3. Distracting Habits – A few gigs a week, a few sets a gig adds up to lots of other people’s songs to be learnt. And if you want to stay in that game you can’t rest on your repertoire. It needs to be constantly refurbished and revised. Precious time that you could be spending writing your own masterpieces.

4. Losing the Love – sweaty, sleazy punters (show me one cover singer who’s never heard ‘Show us Yer Tits’ during a normal night’s work); a sound system from 1975 that makes it almost impossible to hear yourself sing; being on stage in front of a Spinal Tap-worshipping guitarist making it almost impossible to hear yourself sing; venues that make you sit in a broom cupboard in between sets and then ‘forget’ to pay you…you get the picture and I’m only scratching the surface of this particular image. If you were doing your own thing you might see a light through the end of the tunnel of poker machines, but sometimes singing Beyonce and Britney night after night just doesn’t make this scene worth it!
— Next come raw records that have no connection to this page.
(* For the $\mathrm{ECR}(\beta,\lambda)$ model with i.i.d. sample of size $n$, let $C(\beta)=\beta^3-7\beta^2+10\beta+72$. The Cox–Snell second-order bias terms of the maximum likelihood estimators are $$B_\beta=\frac1n\Bigg[\beta^3+13\beta^2+122\beta+380-\frac{699840}{19321(\beta+5)}+\frac{96000}{361(\beta+6)}+\frac{432(4085783\beta^2-8192586\beta-40352456)}{2641\,C(\beta)^2}-\frac{12(70740551\beta^2+3809213278\beta-35831044156)}{6974881\,C(\beta)}\Bigg],$$ $$B_\lambda=\frac\lambda n\Bigg[8\beta+86+\frac{49}{270\beta}-\frac{1679616}{96605(\beta+5)}+\frac{80000}{1083(\beta+6)}-\frac{8(84037561\beta^2+21509105\beta-393761162)}{7923\,C(\beta)^2}+\frac{356431397749\beta^2-158970444943\beta-4636191041858}{376643574\,C(\beta)}\Bigg].$$ (The bias-corrected estimators are $\tilde\beta=\hat\beta-B_\beta(\hat\beta,\hat\lambda)$, $\tilde\lambda=\hat\lambda-B_\lambda(\hat\beta,\hat\lambda)$.)
   Context: The $\mathrm{ECR}(\beta,\lambda)$ distribution ($\beta,\lambda>0$) has density $f(x)=\beta\lambda\,\frac{x}{(\lambda^2+x^2)^{3/2}}\left(1-\frac{\lambda}{\sqrt{\lambda^2+x^2}}\right)^{\beta-1}$, $x>0$. For an i.i.d. sample of size $n$ with log-likelihood $\ell=\sum\log f(X_i)$ and $\theta=(\theta_1,\theta_2)=(\beta,\lambda)$, set $\kappa_{rs}=\mathbb E[\partial^2\ell/\partial\theta_r\partial\theta_s]$, $\kappa_{rst}=\mathbb E[\partial^3\ell/\partial\theta_r\partial\theta_s\partial\theta_t]$, $\kappa_{rs}^{(t)}=\partial\kappa_{rs}/\partial\theta_t$, and let $(\kappa^{rs})$ be the inverse of the $2\times2$ matrix $(\kappa_{rs})$. The Cox–Snell second-order bias term of the MLE of $\theta_i$ is $B_{\theta_i}=\sum_{r,s,t\in\{1,2\}}\kappa^{ir}\kappa^{st}\left(\kappa_{rs}^{(t)}-\tfrac12\kappa_{rst}\right)$ (so that $\mathbb E(\hat\theta_i)-\theta_i=B_{\theta_i}+O(n^{-2})$). *)

From Stdlib Require Import Reals Lra.
Open Scope R_scope.

(* Density of ECR(beta, lambda) at x > 0. (lambda^2+x^2)^(3/2) = sqrt(lambda^2+x^2)^3. *)
Definition ecr_pdf (b l x : R) : R :=
  b * l * x / (sqrt (l ^ 2 + x ^ 2)) ^ 3
  * Rpower (1 - l / sqrt (l ^ 2 + x ^ 2)) (b - 1).

Definition ecr_logpdf (b l x : R) : R := ln (ecr_pdf b l x).

(* Partial derivative w.r.t. parameter theta_r, theta = (theta_0, theta_1) = (beta, lambda)
   (index 0 = beta, any other index = lambda; only indices 0,1 are ever summed over). *)
Definition par_deriv (r : nat) (g : R -> R -> R) (b l v : R) : Prop :=
  match r with
  | O => derivable_pt_lim (fun u => g u l) b v
  | _ => derivable_pt_lim (fun u => g b u) l v
  end.

Definition improper_int_0_inf (g : R -> R) (I : R) : Prop :=
  (forall a b, 0 < a -> a <= b -> inhabited (Riemann_integrable g a b)) /\
  (forall eps, eps > 0 -> exists d M, 0 < d /\
     forall a b (pr : Riemann_integrable g a b),
       0 < a < d -> M < b -> Rabs (RiemannInt pr - I) < eps).

(* Inverse of the 2x2 matrix (k r s)_{r,s in {0,1}} (indices >= 1 read as 1). *)
Definition inv2 (k : nat -> nat -> R) (i j : nat) : R :=
  let det := k 0%nat 0%nat * k 1%nat 1%nat - k 0%nat 1%nat * k 1%nat 0%nat in
  match i, j with
  | O, O => k 1%nat 1%nat / det
  | O, _ => - k 0%nat 1%nat / det
  | _, O => - k 1%nat 0%nat / det
  | _, _ => k 0%nat 0%nat / det
  end.

(* Cox--Snell term B_{theta_i} = sum_{r,s,t in {0,1}} k^{ir} k^{st} (k_rs^(t) - k_rst / 2),
   with k2 r s = kappa_rs, k3 r s t = kappa_rst, kd r s t = d kappa_rs / d theta_t. *)
Definition cox_snell_bias (k2 : nat -> nat -> R) (k3 kd : nat -> nat -> nat -> R)
    (i : nat) : R :=
  sum_f_R0 (fun r => sum_f_R0 (fun s => sum_f_R0 (fun t =>
    inv2 k2 i r * inv2 k2 s t * (kd r s t - / 2 * k3 r s t)) 1) 1) 1.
5. Showing your Bad Side – When you write for yourself, you custom the songs to suit you. You don’t have to try to sound like Ke$ha to please the punters.  Your own lyrics reflect the way only you would express yourself and you can manoeuver the melody to sit in your sweet spot. You’re presenting a brand new piece of art that is all you with no compromises and shows you at your best.

Next time: ‘Five Reasons You SHOULD Sing Covers’.

As usual, love to hear what you think,

Cheers,
Amanda




Thursday, September 5, 2013

Length IS important

Hi there,

It's an age old dilemma - do we choose quality or quantity, width over length?

I'm not sure when it happened in the music industry here, but one day I woke up and agents were telling me that if my band wanted to compete, we had to play longer. The standard - I'm talking covers bands, in pubs and the like - was to perform 3 sets of 40 minutes. But then some bands started offering to do 4 or even 5 sets of 45-50 minutes for the same fee and of course many agents and venues were hiring them instead. Fast forward to now - those same venues are saying: 'Live entertainment doesn't work - it doesn't bring in the punters'. 

Well I disagree - 'Rubbish entertainment doesn't work'.  And even good entertainment wears thin after about 3 hours. There is such thing as too much of a good thing. People go out to socialise and that's hard to do with almost constant live music. It gets to the point where punters have had enough, the excitement wears off and they drift off to talk to their friends in another room or tune in to the delights of the one arm bandits. Live entertainment then becomes little more than elevator music. And that's no fun for the band either - without a dedicated audience it's hard to give a great performance. And while stomping the stage is an exhilirating thing to do, it is also physically and emotionally draining (when done well) so after about 3 hours the audience is not getting the best out of a band anyway.

We all want the best value for our money but I think PT Barnum of the 'Greatest Show on Earth' (Barnum and Bailey Circus) knew a thing or two about great entertainment. He said 'Always Leave Them Wanting More'.